"Torture-porn" has obviously become common phrase between movie-goers. "The Saw Series", "Hostel", "Vacancy", and "Wolf Creek" for example. So along comes "The Strangers", just another unmemorable splatter-flick with few scares and little-to-no suspense, right? Well, hardly so, the entire movie was wholesomely entertaining, intense, chilling revel. By far the most daunting, suspenseful, and exuberant film I've seen this year.
The film begins with blatant tension between a young couple driving to their summer home in the middle of the night. We shortly come to realize that the man, James, has just proposed to his girlfriend, Kristen, but apparently she declined, claiming she wasn't ready yet. The first 15 minutes of the film center around their melting relationship as they try to put the night behind them and relieve the tautness emerging between them. When James leaves the house to take a breather and muse over what a failure the night has been, Kristen is terrorized by a masked man and in the house, which only begins the night of foreboding horror.

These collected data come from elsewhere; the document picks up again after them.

(* Let $0<r<\min\{\frac{d\alpha_{\min}}{2d+1},\frac{\beta_{\min}}2,e^{-4}\}$ and $J=\lfloor\frac14\log(1/r)\rfloor$. Then for every $k_0\in\mathbb Z$, the sets $g_{k_0}\widetilde\Delta'_r,\ g_{k_0+1}\widetilde\Delta'_r,\dots,g_{k_0+J}\widetilde\Delta'_r$ are pairwise disjoint.
   Context: $d=m+n$; weight vectors $\boldsymbol\alpha\in(\mathbb R_{>0})^m$, $\boldsymbol\beta\in(\mathbb R_{>0})^n$ with coordinates summing to 1; $\alpha_{\min}=\min_i\alpha_i$, $\beta_{\min}=\min_j\beta_j$. $g_s=\mathrm{diag}(e^{\alpha_1s},\dots,e^{\alpha_ms},e^{-\beta_1s},\dots,e^{-\beta_ns})$ acting on the space $X_d$ of unimodular lattices in $\mathbb R^d$. $\Delta(\Lambda)=\sup_{\mathbf v\in\Lambda\setminus\{0\}}\log(1/\|\mathbf v\|)$ (sup norm); $\mathcal H(\mathcal A)=\{\Lambda:(\Lambda\setminus\{0\})\cap\mathcal A\ne\emptyset\}$; $R_r=(1-\tfrac r{2d},1+\tfrac r{2d})\times(-\sqrt r,\sqrt r)^{d-1}$; $\Delta'_r=\Delta^{-1}[0,r]\cap\mathcal H(R_r)$; $\widetilde\Delta'_r=\bigcup_{0\le s<1/2}g_{-s}\Delta'_r$. *)

From HB Require Import structures.
From mathcomp Require Import all_boot all_order all_algebra.
From mathcomp Require Import all_classical all_reals all_analysis.
Set Implicit Arguments. Unset Strict Implicit. Unset Printing Implicit Defensive.
Import Order.TTheory GRing.Theory Num.Theory.
Local Open Scope classical_set_scope.
Local Open Scope ring_scope.

Section Defs.
Variables (R : realType) (m n : nat).
Local Notation d := (m + n)%N.

Definition supnorm (v : 'rV[R]_d) : R := \big[Order.max/0]_(i < d) `|v ord0 i|.

Definition is_unimod_lattice (L : set 'rV[R]_d) : Prop :=
  exists M : 'M[R]_d, `|\det M| = 1 /\
    L = [set (map_mx (fun z : int => z%:~R) z) *m M | z in [set: 'rV[int]_d]].

Definition Xd : set (set 'rV[R]_d) := [set L | is_unimod_lattice L].

Definition gmx (alpha : 'I_m -> R) (beta : 'I_n -> R) (s : R) : 'M[R]_d :=
  diag_mx (\row_(i < d) match fintype.split i with
                        | inl a => expR (alpha a * s)
                        | inr b => expR (- (beta b * s)) end).

Definition gact alpha beta (s : R) (L : set 'rV[R]_d) : set 'rV[R]_d :=
  [set v *m gmx alpha beta s | v in L].
Definition gset alpha beta (s : R) (S : set (set 'rV[R]_d)) : set (set 'rV[R]_d) :=
  [set gact alpha beta s L | L in S].

Definition Delta (L : set 'rV[R]_d) : R :=
  sup [set ln ((supnorm v)^-1) | v in L `\ (0 : 'rV[R]_d)].

Definition Hset (A : set 'rV[R]_d) : set (set 'rV[R]_d) :=
  [set L | (L `\ (0 : 'rV[R]_d)) `&` A !=set0].

Definition Rbox (r : R) : set 'rV[R]_d :=
  [set v | forall i : 'I_d,
     if val i == 0%N then
       1 - r / (2 * d%:R) < v ord0 i < 1 + r / (2 * d%:R)
     else - Num.sqrt r < v ord0 i < Num.sqrt r].

Definition Delta' (r : R) : set (set 'rV[R]_d) :=
  [set L | Xd L /\ 0 <= Delta L <= r] `&` Hset (Rbox r).

Definition Delta'tilde alpha beta (r : R) : set (set 'rV[R]_d) :=
  \bigcup_(s in [set s : R | 0 <= s < 1/2]) gset alpha beta (- s) (Delta' r).

End Defs.

From Pilot Require Import Defs.
From HB Require Import structures.
From mathcomp Require Import all_boot all_order all_algebra.
From mathcomp Require Import all_classical all_reals all_analysis.
From mathcomp Require Import ring lra zify.
Import Order.TTheory GRing.Theory Num.Theory.
Local Open Scope classical_set_scope.
Local Open Scope ring_scope.
Set Implicit Arguments. Unset Strict Implicit.

(* Every nonzero vector of a lattice in Delta'_r has sup norm at least e^-r,
   and every lattice in Delta'_r has a nonzero vector in the box R_r.  If
   g_k1 Delta~'_r and g_k2 Delta~'_r met with k1 > k2, two lattices L1, L2 of
   Delta'_r would satisfy L1 = g_-t L2 with 1/2 < t < log(1/r)/4 + 1/2, and
   g_-t would carry the box vector of L2 to a vector of L1 of norm < e^-r: the
   coordinates scaled by e^(-alpha_i t) lose more than the slack r/(2d) of the
   box because alpha_i > 2r + r/d, and those of size < sqrt r grow by at most
   e^t <= r^(-1/4) e^(1/2). *)

Section SupNorm.
Variables (R : realType) (m n : nat).
Local Notation d := (m + n)%N.

Lemma normr_le_supnorm (v : 'rV[R]_d) i : `|v ord0 i| <= supnorm v.
Proof. by rewrite /supnorm (bigD1 i) //= le_max lexx. Qed.

Lemma supnorm_ge0 (v : 'rV[R]_d) : 0 <= supnorm v.
Proof.
rewrite /supnorm; apply: (big_ind (fun y => 0 <= y)) => // a b ha hb.
by rewrite le_max ha.
Qed.

Lemma supnorm_lt (v : 'rV[R]_d) x :
  0 < x -> (forall i, `|v ord0 i| < x) -> supnorm v < x.
Proof.
move=> x0 h; rewrite /supnorm; apply: (big_ind (fun y => y < x)) => //.
by move=> a b ha hb; rewrite gt_max ha hb.
Qed.

Lemma normr_mulmx_le (u : 'rV[R]_d) (A : 'M[R]_d) j :
  `|(u *m A) ord0 j| <= supnorm u * \sum_k `|A k j|.
Proof.
rewrite mxE mulr_sumr; apply: le_trans (ler_norm_sum _ _ _) _.
apply: ler_sum => k _; rewrite normrM; apply: ler_wpM2r => //.
exact: normr_le_supnorm.
Qed.

(* A nonzero integer vector z has a coordinate of modulus >= 1, and
   z = (z M) M^-1 bounds it by the norm of z M. *)
Lemma unimod_lattice_supnorm_lb (L : set 'rV[R]_d) :
  is_unimod_lattice L ->
  exists2 c, 0 < c & forall v, L v -> v != 0 -> c <= supnorm v.
Proof.
case=> M [detM ->].
have uM : M \in unitmx by rewrite unitmxE unitfE -normr_eq0 detM oner_neq0.
pose C := \sum_j \sum_k `|invmx M k j|.
have C0 : 0 <= C by apply: sumr_ge0 => j _; apply: sumr_ge0.
exists (C + 1)^-1; first by rewrite invr_gt0; lra.
move=> _ [z _ <-]; set zR := map_mx _ z => vn0.
have [j zj] : exists j, zR ord0 j != 0.
  apply/existsP; apply: contraR vn0; rewrite negb_exists => /forallP zR0.
  suff -> : zR = 0 by rewrite mul0mx.
  apply/matrixP => i k; rewrite ord1 [RHS]mxE.
  by apply/eqP; move: (zR0 k); rewrite negbK.
have zj1 : 1 <= `|zR ord0 j| by rewrite norm_intr_ge1 // mxE intr_int.
have Cj : \sum_k `|invmx M k j| <= C.
  rewrite /C [leRHS](bigD1 j) //= lerDl.
  by apply: sumr_ge0 => k _; apply: sumr_ge0.
have := normr_mulmx_le (zR *m M) (invmx M) j; rewrite mulmxK // => zjC.
have s0 := supnorm_ge0 (zR *m M).
rewrite -[X in X <= _]mul1r ler_pdivrMr; last lra.
nra.
Qed.

Lemma expRN_le_supnorm (L : set 'rV[R]_d) r :
  Xd L -> Delta L <= r -> forall v, L v -> v != 0 -> expR (- r) <= supnorm v.
Proof.
move=> XL DLr v Lv vn0.
have [c c0 Lc] := unimod_lattice_supnorm_lb XL.
have v0 : 0 < supnorm v by exact: lt_le_trans c0 (Lc v Lv vn0).
have Lv' : (L `\ 0) v by split=> //; exact/eqP.
have hs : has_sup [set ln (supnorm w)^-1 | w in L `\ (0 : 'rV[R]_d)].
  split; first by exists (ln (supnorm v)^-1), v.
  exists (ln c^-1) => _ [w [Lw /eqP wn0] <-].
  have w0 : 0 < supnorm w by exact: lt_le_trans c0 (Lc w Lw wn0).
  by rewrite ler_ln ?posrE ?invr_gt0 // lef_pV2 ?posrE // Lc.
have := sup_upper_bound hs (ex_intro2 _ _ v Lv' erefl).
rewrite -/(Delta L) lnV ?posrE // => vD.
by rewrite -[supnorm v]lnK ?posrE // ler_expR; lra.
Qed.

End SupNorm.

Section Flow.
Variables (R : realType) (m n : nat) (alpha : 'I_m -> R) (beta : 'I_n -> R).
Local Notation d := (m + n)%N.
Local Notation gmx := (gmx alpha beta).
Local Notation gact := (gact alpha beta).

Definition rate (i : 'I_d) : R :=
  match fintype.split i with inl a => alpha a | inr b => - beta b end.

Lemma mul_gmxE s (u : 'rV[R]_d) i :
  (u *m gmx s) ord0 i = u ord0 i * expR (rate i * s).
Proof.
rewrite /Defs.gmx mul_mx_diag !mxE /rate; case: (fintype.split i) => a //.
by rewrite mulNr.
Qed.

Lemma mul_gmxA (u : 'rV[R]_d) s t : u *m gmx s *m gmx t = u *m gmx (s + t).
Proof.
by apply/matrixP => i j; rewrite ord1 !mul_gmxE -mulrA -expRD mulrDr.
Qed.

Lemma mul_gmx0 (u : 'rV[R]_d) : u *m gmx 0 = u.
Proof. by apply/matrixP => i j; rewrite ord1 mul_gmxE mulr0 expR0 mulr1. Qed.

Lemma gactD s t (L : set 'rV[R]_d) : gact t (gact s L) = gact (s + t) L.
Proof. by rewrite /Defs.gact image_comp; apply: eq_imagel => v _; exact: mul_gmxA. Qed.

Lemma gactK s : cancel (gact s) (gact (- s)).
Proof.
by move=> L; rewrite gactD subrr; apply: eq_image_id => v _; exact: mul_gmx0.
Qed.

Lemma gset_Delta'tilde_gact K r (L : set 'rV[R]_d) :
  gset alpha beta K (Delta'tilde alpha beta r) L ->
  exists s L', [/\ 0 <= s < 1/2, Delta' r L' & L = gact (K - s) L'].
Proof.
move=> [_ [s s01 [L' DL' <-]] <-].
by exists s, L'; rewrite gactD addrC.
Qed.

End Flow.

Lemma expRN4_lt_half (R : realType) : expR (-4) < 1/2 :> R.
Proof.
have e4 : expR (-4) * expR 4 = 1 :> R by rewrite -expRD addNr expR0.
have := expR_ge1Dx (4 : R); have := expR_gt0 (-4 : R); nra.
Qed.

Lemma contracted_coord_lt (R : realType) (r x a t y : R) :
  0 < r -> 0 <= x -> 2 * r + 2 * x < a -> 1/2 < t -> `|y| < 1 + x ->
  `|y * expR (a * - t)| < expR (- r).
Proof.
move=> r0 x0 xa t1 y1; rewrite normrM (gtr0_norm (expR_gt0 _)).
apply: (lt_le_trans (y := expR x * expR (a * - t))).
  by rewrite ltr_pM2r ?expR_gt0 //; apply: lt_le_trans y1 (expR_ge1Dx _).
by rewrite -expRD ler_expR; nra.
Qed.

(* [sqrt r * e^t < r^(1/4) * e^(1/2) < e^(-1/2) < e^(-r)] *)
Lemma expanded_coord_lt (R : realType) (r b t y : R) :
  0 < r -> r < expR (-4) -> 0 <= b <= 1 -> 0 <= t ->
  t < ln r^-1 / 4 + 1/2 -> `|y| < Num.sqrt r ->
  `|y * expR (- b * - t)| < expR (- r).
Proof.
move=> r0 r4 /andP [b0 b1] t0 tr yr; rewrite normrM (gtr0_norm (expR_gt0 _)).
have rS : Num.sqrt r * Num.sqrt r = r by rewrite -expr2 sqr_sqrtr // ltW.
have S0 : 0 < Num.sqrt r by rewrite sqrtr_gt0.
have lnS : ln (Num.sqrt r) = ln r / 2.
  by have := lnM S0 S0; rewrite rS; lra.
have lnr : ln r < -4 by rewrite -(expRK (-4)) ltr_ln // posrE expR_gt0.
have r2 := lt_trans r4 (expRN4_lt_half R).
rewrite lnV ?posrE // in tr.
apply: (le_lt_trans (y := `|y| * expR t)).
  by rewrite ler_wpM2l // ler_expR mulrNN ler_piMl.
apply: (lt_le_trans (y := Num.sqrt r * expR t)); first by rewrite ltr_pM2r ?expR_gt0.
rewrite -[Num.sqrt r]lnK ?posrE // -expRD ler_expR lnS; lra.
Qed.

Lemma sum_eq1_ord_gt0 (R : numDomainType) m (f : 'I_m -> R) :
  \sum_i f i = 1 -> (0 < m)%N.
Proof. by case: m f => // f; rewrite big_ord0 => /esym/eqP; rewrite oner_eq0. Qed.

Section Disjointness.
Variables (R : realType) (m n : nat) (alpha : 'I_m -> R) (beta : 'I_n -> R).
Variable r : R.
Hypothesis m_gt0 : (0 < m)%N.
Hypotheses (beta_ge0 : forall j, 0 <= beta j) (beta_le1 : forall j, beta j <= 1).
Hypotheses (r_pos : 0 < r) (r_e : r < expR (-4)).
Hypothesis r_alpha : forall i, r < (m + n)%:R * alpha i / (2 * (m + n)%:R + 1).
Local Notation d := (m + n)%N.
Local Notation gmx := (gmx alpha beta).
Local Notation gact := (gact alpha beta).

Lemma supnorm_gmx_Rbox_lt t (w : 'rV[R]_d) :
  1/2 < t -> t < ln r^-1 / 4 + 1/2 -> Rbox r w ->
  supnorm (w *m gmx (- t)) < expR (- r).
Proof.
move=> t1 t2 wR; apply: supnorm_lt => [|i]; first exact: expR_gt0.
have D0 : 0 < d%:R :> R by rewrite ltr0n addn_gt0 m_gt0.
have S1 : Num.sqrt r < 1.
  rewrite -sqrtr1 ltr_sqrt //.
  by apply: lt_trans r_e (lt_trans (expRN4_lt_half R) _); lra.
have := wR i; set x := r / (2 * d%:R) => wi.
have x0 : 0 <= x by rewrite divr_ge0 ?ltW // mulr_gt0.
have xD : x * (2 * d%:R) = r by rewrite mulfVK // mulf_neq0 // lt0r_neq0.
rewrite mul_gmxE /rate; case: splitP wi => [a ia | b ib] wi.
- apply: (contracted_coord_lt r_pos x0 _ t1).
    by have := r_alpha a; rewrite ltr_pdivlMr; nra.
  case: ifP wi => _ /andP [lo hi]; rewrite ltr_norml; apply/andP; split; lra.
- have i_neq0 : (val i == 0%N) = false by apply/negbTE; rewrite -lt0n /= ib ltn_addr.
  rewrite i_neq0 in wi; case/andP: wi => lo hi; apply: expanded_coord_lt => //; try lra.
    by rewrite beta_ge0 beta_le1.
  by rewrite ltr_norml lo.
Qed.

Lemma Delta'_gact_neq (L1 L2 : set 'rV[R]_d) t :
  Delta' r L1 -> Delta' r L2 -> 1/2 < t -> t < ln r^-1 / 4 + 1/2 ->
  L1 <> gact (- t) L2.
Proof.
move=> [[XL1 /andP [_ DL1]] _] [_ [w [[L2w w0] wR]]] t1 t2 E.
have L1u : L1 (w *m gmx (- t)) by rewrite E; exists w.
have u0 : w *m gmx (- t) != 0.
  apply/eqP => u0; apply: w0.
  by rewrite -[w](mul_gmx0 alpha beta) -(addNr t) -mul_gmxA u0 mul0mx.
have := expRN_le_supnorm XL1 DL1 L1u u0.
by rewrite leNgt supnorm_gmx_Rbox_lt.
Qed.

Lemma gset_Delta'tilde_disjoint (K1 K2 : R) :
  1 <= K1 - K2 <= ln r^-1 / 4 ->
  [disjoint gset alpha beta K1 (Delta'tilde alpha beta r)
     & gset alpha beta K2 (Delta'tilde alpha beta r)].
Proof.
move=> /andP [lo hi]; apply/disj_set2P; rewrite -subset0 => L [].
move=> /gset_Delta'tilde_gact [s1 [L1 [/andP [s10 s11] DL1 E1]]].
move=> /gset_Delta'tilde_gact [s2 [L2 [/andP [s20 s21] DL2 E2]]].
have E : L1 = gact (- ((K1 - s1) - (K2 - s2))) L2.
  by rewrite -(gactK alpha beta (K1 - s1) L1) -E1 E2 gactD [in RHS]opprB.
by apply: Delta'_gact_neq DL1 DL2 _ _ E; lra.
Qed.

End Disjointness.

Theorem proposition4p4 (R : realType) (m n : nat)
  (alpha : 'I_m -> R) (beta : 'I_n -> R)
  (alpha_pos : forall i, 0 < alpha i) (beta_pos : forall j, 0 < beta j)
  (alpha_sum : \sum_i alpha i = 1) (beta_sum : \sum_j beta j = 1)
  (r : R) (r_pos : 0 < r)
  (r_alpha : forall i, r < (m + n)%:R * alpha i / (2 * (m + n)%:R + 1))
  (r_beta : forall j, r < beta j / 2)
  (r_e : r < expR (-4)) :
  let J : int := Num.floor (ln (r^-1) / 4) in
  forall k0 k1 k2 : int,
    k0 <= k1 <= k0 + J -> k0 <= k2 <= k0 + J -> k1 != k2 ->
    [disjoint gset alpha beta k1%:~R (Delta'tilde alpha beta r)
       & gset alpha beta k2%:~R (Delta'tilde alpha beta r)].
Proof.
move=> J k0 k1 k2 k1J k2J k12.
have m_gt0 := sum_eq1_ord_gt0 alpha_sum.
have beta_ge0 j : 0 <= beta j by exact: ltW.
have beta_le1 j : beta j <= 1.
  by rewrite -beta_sum (bigD1 j) //= lerDl sumr_ge0.
have apart k k' : k0 <= k <= k0 + J -> k0 <= k' <= k0 + J -> k' < k ->
    [disjoint gset alpha beta k%:~R (Delta'tilde alpha beta r)
       & gset alpha beta k'%:~R (Delta'tilde alpha beta r)].
  move=> kJ k'J lt_k'k.
  apply: (gset_Delta'tilde_disjoint m_gt0 beta_ge0 beta_le1 r_pos r_e r_alpha).
  have /andP [lo hi] : 1 <= k - k' <= J by lia.
  by rewrite -intrB ler1z lo /= (le_trans _ (floor_le _)) // ler_int.
by case/lt_total/orP: k12 => [lt12|lt21]; [rewrite disj_set_sym|]; exact: apart.
Qed.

When James returns home, he discovers a trepidated Kristen in her bedroom, nearly delirious in terror, and the rest of the film beautifully maintains this atmosphere of dread, with three masked strangers taunting them throughout the house, with the couple desperately trying to reach for help and hide from the seemingly ubiquitous psychopaths. Bertino has successfully placed us in the position of a victim, hammering us as much as he does his prey, involving us with every single movement and sensation. He's a born director of angst and affliction.
Recently, there have been numerous horror films that rely mostly on violence and gore, and there've been just as many that rely on suspense, but the directors usually have no idea what they're doing with the latter, and they end up with a film that merely drags and drags and drags until it bleeds stumps. The Strangers is one of the few horror movies I've seen that uncannily mixes both thematics and perfectly constructs a film that isn't tedious nor agonzingly dull. It's always on its feet, never on lockstep motion, and when you catch a glimpse of threat that may break this chain, it's overcome by the director's limitless imagination in the genre.
The film holds the premise of a common slasher film, but it's actually quite terrifying, keenly-paced, and executed in such stark and winning manner (certainly helped by Liv Tyler's superb performance, capturing every essence of the word 'panic'), it's hardly comparable to the likes of awful "dead-teenager" movies.
8/10
TheJamoke
I'm going to go out on a limb, take your word for it and go see it now.